- [What this task involves]: Please list all lines of the material below in which the string "opprK" occurs.

- [Source material]:
(* For each $n\ge1$, there are exactly $n$ pairwise non-isomorphic digraphs whose $H$-spectrum equals that of $\overleftrightarrow{K_n}$, namely $\overleftrightarrow{K_n}$ and $Y_{a,n-a}$ for $a=1,\dots,n-1$.
   Context: A digraph has a finite vertex set and an arc set of ordered pairs of distinct vertices; $\{x,y\}$ is a digon if both $xy,yx$ are arcs. $H(X)$ has $(u,v)$-entry $1$ if $uv$ and $vu$ are arcs, $i$ if only $uv$ is an arc, $-i$ if only $vu$ is an arc, and $0$ otherwise; the $H$-spectrum is the multiset of eigenvalues of $H(X)$. $\overleftrightarrow{K_n}$ is the complete digraph on $n$ vertices (every pair of vertices forms a digon), so $H(\overleftrightarrow{K_n})$ is the adjacency matrix of $K_n$. For $1\le a\le n-1$, $Y_{a,n-a}$ is the digraph on a vertex set $A\cup B$ with $|A|=a$, $|B|=n-a$, in which every pair inside $A$ and every pair inside $B$ forms a digon, and for every $u\in A$, $v\in B$ there is the single arc $uv$ (and not $vu$). *)

From HB Require Import structures.
From mathcomp Require Import all_boot all_order all_algebra all_field.
Set Implicit Arguments. Unset Strict Implicit. Unset Printing Implicit Defensive.
Import Order.TTheory GRing.Theory Num.Theory.
Local Open Scope ring_scope.

Definition is_digraph (m : nat) (arc : rel 'I_m) : Prop := irreflexive arc.

Definition Hmx (m : nat) (arc : rel 'I_m) : 'M[algC]_m :=
  \matrix_(u, v)
    (if arc u v && arc v u then 1
     else if arc u v then 'i
     else if arc v u then - 'i
     else 0).

Definition Hspectrum (m : nat) (arc : rel 'I_m) : algC -> nat :=
  fun z => mup z (char_poly (Hmx arc)).

Definition digraph_iso (m k : nat) (arc1 : rel 'I_m) (arc2 : rel 'I_k) : Prop :=
  exists f : 'I_m -> 'I_k, bijective f /\ forall u v, arc1 u v = arc2 (f u) (f v).

Definition Kn (n : nat) : rel 'I_n := fun u v => u != v.

(* Y_{a,n-a} on vertex set 'I_n, with A = {i | i < a}, B = {i | a <= i}:
   digons inside A and inside B, single arcs from A to B. *)
Definition Yarc (n a : nat) : rel 'I_n :=
  fun u v => (u != v) && (((u < a)%N == (v < a)%N) || ((u < a)%N && (a <= v)%N)).
Arguments Kn n : clear implicits.
Arguments Yarc n a : clear implicits.

From HB Require Import structures.
From mathcomp Require Import all_boot all_order all_algebra all_field.
From mathcomp Require Import ring zify.
Set Implicit Arguments. Unset Strict Implicit. Unset Printing Implicit Defensive.
Import Order.TTheory GRing.Theory Num.Theory.
Local Open Scope ring_scope.

(* If X is H-cospectral with K_n, then H(X) is a Hermitian matrix whose only
   eigenvalues are n-1 and -1, so by the spectral theorem M := H(X) + I
   satisfies M^2 = nM. The diagonal of M is 1 and its entries have modulus at
   most 1, so the diagonal of M^2 = nM forces all entries to be unimodular;
   the equality case of Cauchy-Schwarz in (M^2)_uw = n M_uw then gives
   M = v v^* for the column v of any fixed vertex. The entries of v lie in
   {1, i, -i}, and i and -i cannot both occur (else -1 would be an entry of M);
   after rescaling v by a unimodular constant it takes values in {1, i}, and
   the vertices where v = i form the block A of some Y_{a,n-a}, or X = K_n if
   v is constant. Conversely, H(Y_{a,n-a}) is conjugate to H(K_n) by the
   diagonal unitary matrix with entries 1 on A and -i on B, and the number of
   tails of single arcs tells K_n and the Y_{a,n-a} apart. *)

Lemma char_poly_similar (R : comNzRingType) n (A P Q : 'M[R]_n) :
  P *m Q = 1%:M -> char_poly (P *m A *m Q) = char_poly A.
Proof.
move=> PQ; have eX : char_poly_mx (P *m A *m Q) =
    map_mx polyC P *m char_poly_mx A *m map_mx polyC Q.
  rewrite /char_poly_mx mulmxBr mulmxBl !map_mxM; congr (_ - _).
  rewrite mul_mx_scalar -scalemxAl -map_mxM PQ.
  by rewrite map_scalar_mx scale_scalar_mx mulr1.
rewrite /char_poly eX !det_mulmx !det_map_mx mulrC mulrA -rmorphM.
by rewrite [\det Q * _]mulrC -det_mulmx PQ det1 mul1r.
Qed.

Lemma monic_eq_mup (F : closedFieldType) (p q : {poly F}) :
  p \is monic -> q \is monic -> (forall z, mup z p = mup z q) -> p = q.
Proof.
move=> /monicP p1 /monicP q1 eq_mup.
have [s ps] := closed_field_poly_normal p; rewrite p1 scale1r in ps.
have [t qt] := closed_field_poly_normal q; rewrite q1 scale1r in qt.
rewrite ps qt; apply: perm_big; apply/allP => z _.
by have := eq_mup z; rewrite ps qt !mu_prod_XsubC /= => ->.
Qed.

Lemma root_char_poly_annihilator (F : fieldType) n (A : 'M[F]_n.+1) p z :
  horner_mx A p = 0 -> root (char_poly A) z -> root p z.
Proof. by move/mxminpoly_min/root_dvdp => pz; rewrite -root_mxminpoly => /pz. Qed.

Lemma normalmx_two_eigenvalues (C : numClosedFieldType) n (A : 'M[C]_n) a b :
  A \is normalmx -> (forall z, root (char_poly A) z -> z = a \/ z = b) ->
  (A - a%:M) *m (A - b%:M) = 0.
Proof.
move=> /orthomx_spectralP; set P := spectralmx A; set d := spectral_diag A.
move=> eA hroot; have VP : invmx P *m P = 1%:M := mulVmx (spectral_unit A).
have PV : P *m invmx P = 1%:M := mulmxV (spectral_unit A).
have d_ab i : d 0 i = a \/ d 0 i = b.
  apply: hroot; rewrite eA char_poly_similar // char_poly_trig ?diag_mx_is_trig //.
  rewrite -(big_map (fun j => diag_mx d j j) xpredT (fun z => 'X - z%:P)).
  rewrite root_prod_XsubC; apply/mapP.
  by exists i; rewrite ?mem_index_enum ?mxE ?eqxx.
have shift c : A - c%:M = invmx P *m (diag_mx d - c%:M) *m P.
  by rewrite mulmxBr mulmxBl mul_mx_scalar -scalemxAl VP scalemx1 -eA.
rewrite !shift !mulmxA -(mulmxA _ P) PV mulmx1 -(mulmxA (invmx P)).
suff -> : (diag_mx d - a%:M) *m (diag_mx d - b%:M) = 0 by rewrite mulmx0 mul0mx.
rewrite -!diag_const_mx -!raddfB mulmx_diag -(linear0 (@diag_mx C n)); congr diag_mx.
by apply/rowP => i; rewrite !mxE; case: (d_ab i) => ->; rewrite subrr ?mulr0 ?mul0r.
Qed.

Section RankOneUnimodular.
Variables (C : numClosedFieldType) (n : nat) (M : 'M[C]_n).
Hypothesis M_herm : forall u w, M w u = (M u w)^*.
Hypothesis M_diag : forall u, M u u = 1.
Hypothesis M_le1 : forall u w, M u w * (M u w)^* <= 1.
Hypothesis M_sqr : M *m M = n%:R *: M.

Lemma M_sqr_entry u w : \sum_k M u k * M k w = n%:R * M u w.
Proof. by have /matrixP/(_ u w) := M_sqr; rewrite !mxE. Qed.

Lemma entry_norm1 u w : M u w * (M u w)^* = 1.
Proof.
have sum0 : \sum_k (1 - M u k * (M u k)^*) = 0.
  under eq_bigr do rewrite -M_herm.
  by rewrite sumrB sumr_const card_ord M_sqr_entry M_diag mulr1 subrr.
have ge0 k : true -> 0 <= 1 - M u k * (M u k)^* by rewrite subr_ge0.
have /eqP := psumr_eq0P ge0 sum0 (i := w) isT.
by rewrite subr_eq0 eq_sym => /eqP.
Qed.

(* Summing |M u k M k w - M u w|^2 over k gives 2n - 2n = 0. *)
Lemma entry_factor u k w : M u k * M k w = M u w.
Proof.
pose z j := M u j * M j w; set c := M u w.
have zz j : z j * (z j)^* = 1 by rewrite rmorphM mulrACA !entry_norm1 mulr1.
have cc : c * c^* = 1 := entry_norm1 u w.
have sz : \sum_j z j = n%:R * c := M_sqr_entry u w.
have sum0 : \sum_j (z j - c) * (z j - c)^* = 0.
  have -> : \sum_j (z j - c) * (z j - c)^* =
      \sum_j (z j * (z j)^* + c * c^*) - ((\sum_j z j) * c^* + c * (\sum_j z j)^*).
    rewrite rmorph_sum mulr_suml mulr_sumr -big_split -sumrB /=.
    by apply: eq_bigr => j _; rewrite rmorphB; ring.
  under eq_bigr do rewrite zz cc.
  rewrite sumr_const card_ord sz rmorphM /= conjC_nat.
  have -> : n%:R * c * c^* + c * (n%:R * c^*) = n%:R * (c * c^*) *+ 2 by ring.
  by rewrite cc mulr1; ring.
have := psumr_eq0P (fun j _ => mul_conjC_ge0 (z j - c)) sum0 (i := k) isT.
by move/eqP; rewrite mul_conjC_eq0 subr_eq0 => /eqP.
Qed.

End RankOneUnimodular.

Lemma i_neq1 : 'i != 1 :> algC.
Proof. by apply: contraNneq (@nonRealCi algC) => ->; rewrite real1. Qed.

Lemma i_neqN1 : 'i != -1 :> algC.
Proof. by apply: contraNneq (@nonRealCi algC) => ->; rewrite realN real1. Qed.

Lemma i_neqNi : 'i != - 'i :> algC.
Proof. by rewrite -subr_eq0 opprK -mulr2n mulrn_eq0 negb_or neq0Ci. Qed.

Lemma Hmx_herm m (arc : rel 'I_m) u w : Hmx arc w u = (Hmx arc u w)^*.
Proof.
rewrite !mxE; case: (arc u w); case: (arc w u) => /=.
all: by rewrite ?conjC1 ?conjC0 ?conjCi ?opprK // rmorphN /= conjCi opprK.
Qed.

Lemma Hmx_hermsymmx m (arc : rel 'I_m) : Hmx arc \is hermsymmx.
Proof.
apply/is_hermitianmxP; rewrite expr0 scale1r; apply/matrixP => u w.
by rewrite [RHS]mxE [in RHS]mxE -Hmx_herm.
Qed.

Lemma Hmx_entry m (arc : rel 'I_m) u w :
  Hmx arc u w \in [:: 1; 'i; - 'i; 0].
Proof. by rewrite mxE; case: (arc u w); case: (arc w u); rewrite !inE eqxx ?orbT. Qed.

Lemma arc_Hmx m (arc : rel 'I_m) u w :
  arc u w = (Hmx arc u w == 1) || (Hmx arc u w == 'i).
Proof.
rewrite mxE; case: (arc u w); case: (arc w u); rewrite /= ?eqxx ?orbT //.
- by rewrite eqr_oppLR (negPf i_neqN1) eq_sym (negPf i_neqNi).
- by rewrite eq_sym oner_eq0 eq_sym (negPf (@neq0Ci algC)).
Qed.

Definition Yscale n a : 'rV[algC]_n := \row_u (if (u < a)%N then 1 else - 'i).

- [Response for this exercise]:
Proof. by rewrite -subr_eq0 opprK -mulr2n mulrn_eq0 negb_or neq0Ci. Qed.
all: by rewrite ?conjC1 ?conjC0 ?conjCi ?opprK // rmorphN /= conjCi opprK.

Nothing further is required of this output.